Dataset entries
★ ★ ★ ★

Theorem proposition3
  (gamma : R) (beta : R -> R -> R)
  (hgamma : 0 < gamma)
  (hC2 : C2_on_S beta)
  (hbeta_pos : forall x y, inS x y -> 0 < beta x y)
  (hA1 : assumption1 beta)
  (hbeta10 : beta 1 0 > gamma)
  (ytil : R) (hytil : 0 < ytil < 1)
  (hRytil : Rrep gamma beta (1 - ytil) ytil = 1)
  (xbar ybar : R) (hybar : 0 < ybar < ytil)
  (hxbarS : inS xbar ybar) (hRxbar : Rrep gamma beta xbar ybar = 1)
  (phi : R -> R * R -> R * R) (hphi : is_flow gamma beta phi)
  (yhat : R) (lam : R -> R)
  (hyhat : 0 <= yhat <= ybar)
  (hlam_bar : lam ybar = xbar)
  (hlam_range : forall y, yhat <= y <= ybar -> xbar <= lam y <= 1)
  (hlam_decr : forall y1 y2, yhat <= y1 -> y1 < y2 -> y2 <= ybar -> lam y2 < lam y1)
  (hlam_clos : forall p, closure2 (Gminus phi xbar ybar) p <->
                 exists y, yhat <= y <= ybar /\ p = (lam y, y))
  (x0 y0 : R) (hx0y0 : inDplus ybar yhat lam x0 y0)
  (T0 : R) (hT0pos : 0 <= T0)
  (hT0J : inJ xbar ybar (phi T0 (x0, y0)))
  (hT0first : forall t, 0 <= t < T0 -> ~ inJ xbar ybar (phi t (x0, y0)))
  (xs ys : R -> R)
  (hsol : is_solution gamma beta
            (ustar gamma beta xbar ybar T0 (fst (phi T0 (x0, y0)))) xs ys x0 y0) :
  let h0 := fst (phi T0 (x0, y0)) in
  let T1 := Tone gamma xbar ybar T0 h0 in
  let u := ustar gamma beta xbar ybar T0 h0 in
  (forall t, T0 < t < T1 -> xs t = h0 - gamma * (t - T0) * ybar /\ ys t = ybar) /\
  (forall t, 0 <= t -> u t = mu gamma beta ybar (xs t) (ys t)) /\
  (forall t, 0 <= t -> ys t <= ybar) /\
  is_RInt_gen u (at_point 0) (Rbar_locally p_infty)
    (/ (gamma * ybar) * RInt (fun x => rho gamma beta x ybar) xbar h0).
Proof.
  intros h0 T1 u.
  destruct hC2 as [U [U_open [S_in_U [beta_C1 _]]]].
  assert (threshold := Rrep_eq_1_threshold gamma beta xbar ybar hgamma hRxbar).
  assert (xbar_pos : 0 < xbar).
  { destruct hxbarS as [[Hx|<-] _]; auto. rewrite Rmult_0_l in threshold. lra. }
  assert (Hxy : xbar + ybar <= 1) by (unfold inS in hxbarS; lra).
  assert (HS0 := proj1 hx0y0).
  destruct hT0J as [HSJ [HyJ HxJ]]. fold h0 in HSJ, HxJ.
  destruct (is_flow_solves gamma beta phi x0 y0 hgamma hphi HS0) as [lp Hflow].
  destruct (is_solution_solves _ _ _ _ _ _ _ hgamma hsol) as [lx Hctrl].
  destruct (is_solution_clamp0 _ _ _ _ _ _ _ (hphi x0 y0 HS0)) as [Hpx0 [Hpy0 _]].
  destruct (is_solution_clamp0 _ _ _ _ _ _ _ hsol) as [Hx0 [Hy0 HS]].
  destruct (ustar_properties gamma beta U U_open S_in_U beta_C1 hA1 hbeta_pos xbar ybar xbar_pos
    (proj1 hybar) Hxy threshold T0 h0 hT0pos (proj1 HxJ) ltac:(unfold inS in HSJ; lra)
    (clamp0 xs) (clamp0 ys) _ _ lx lp Hctrl Hflow HS (eq_trans Hx0 (eq_sym Hpx0))
    (eq_trans Hy0 (eq_sym Hpy0))) as [Hi [Hii [Hiii Hiv]]].
  - rewrite !clamp0_eq by lra. auto.
  - intros t Ht. rewrite clamp0_eq by lra.
    apply (flow_below_before_exit gamma beta U xbar ybar phi yhat lam x0 y0 T0); auto; lra.
  - split; [|split; [|split; [|exact Hiv]]]; intros t Ht.
    + rewrite <- (clamp0_eq xs t), <- (clamp0_eq ys t) by lra. apply Hi, Ht.
    + rewrite <- (clamp0_eq xs t), <- (clamp0_eq ys t) by exact Ht. apply Hii, Ht.
    + rewrite <- (clamp0_eq ys t) by exact Ht. apply Hiii, Ht.
Qed.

★ ★ ★ ★

## ACTIVITY
Starting with the line that contains "destruct (is_solution_solves _", restate every line through the end of the records above, exactly and with no other lines.

## WRITTEN RESPONSE
  destruct (is_solution_solves _ _ _ _ _ _ _ hgamma hsol) as [lx Hctrl].
  destruct (is_solution_clamp0 _ _ _ _ _ _ _ (hphi x0 y0 HS0)) as [Hpx0 [Hpy0 _]].
  destruct (is_solution_clamp0 _ _ _ _ _ _ _ hsol) as [Hx0 [Hy0 HS]].
  destruct (ustar_properties gamma beta U U_open S_in_U beta_C1 hA1 hbeta_pos xbar ybar xbar_pos
    (proj1 hybar) Hxy threshold T0 h0 hT0pos (proj1 HxJ) ltac:(unfold inS in HSJ; lra)
    (clamp0 xs) (clamp0 ys) _ _ lx lp Hctrl Hflow HS (eq_trans Hx0 (eq_sym Hpx0))
    (eq_trans Hy0 (eq_sym Hpy0))) as [Hi [Hii [Hiii Hiv]]].
  - rewrite !clamp0_eq by lra. auto.
  - intros t Ht. rewrite clamp0_eq by lra.
    apply (flow_below_before_exit gamma beta U xbar ybar phi yhat lam x0 y0 T0); auto; lra.
  - split; [|split; [|split; [|exact Hiv]]]; intros t Ht.
    + rewrite <- (clamp0_eq xs t), <- (clamp0_eq ys t) by lra. apply Hi, Ht.
    + rewrite <- (clamp0_eq xs t), <- (clamp0_eq ys t) by exact Ht. apply Hii, Ht.
    + rewrite <- (clamp0_eq ys t) by exact Ht. apply Hiii, Ht.
Qed.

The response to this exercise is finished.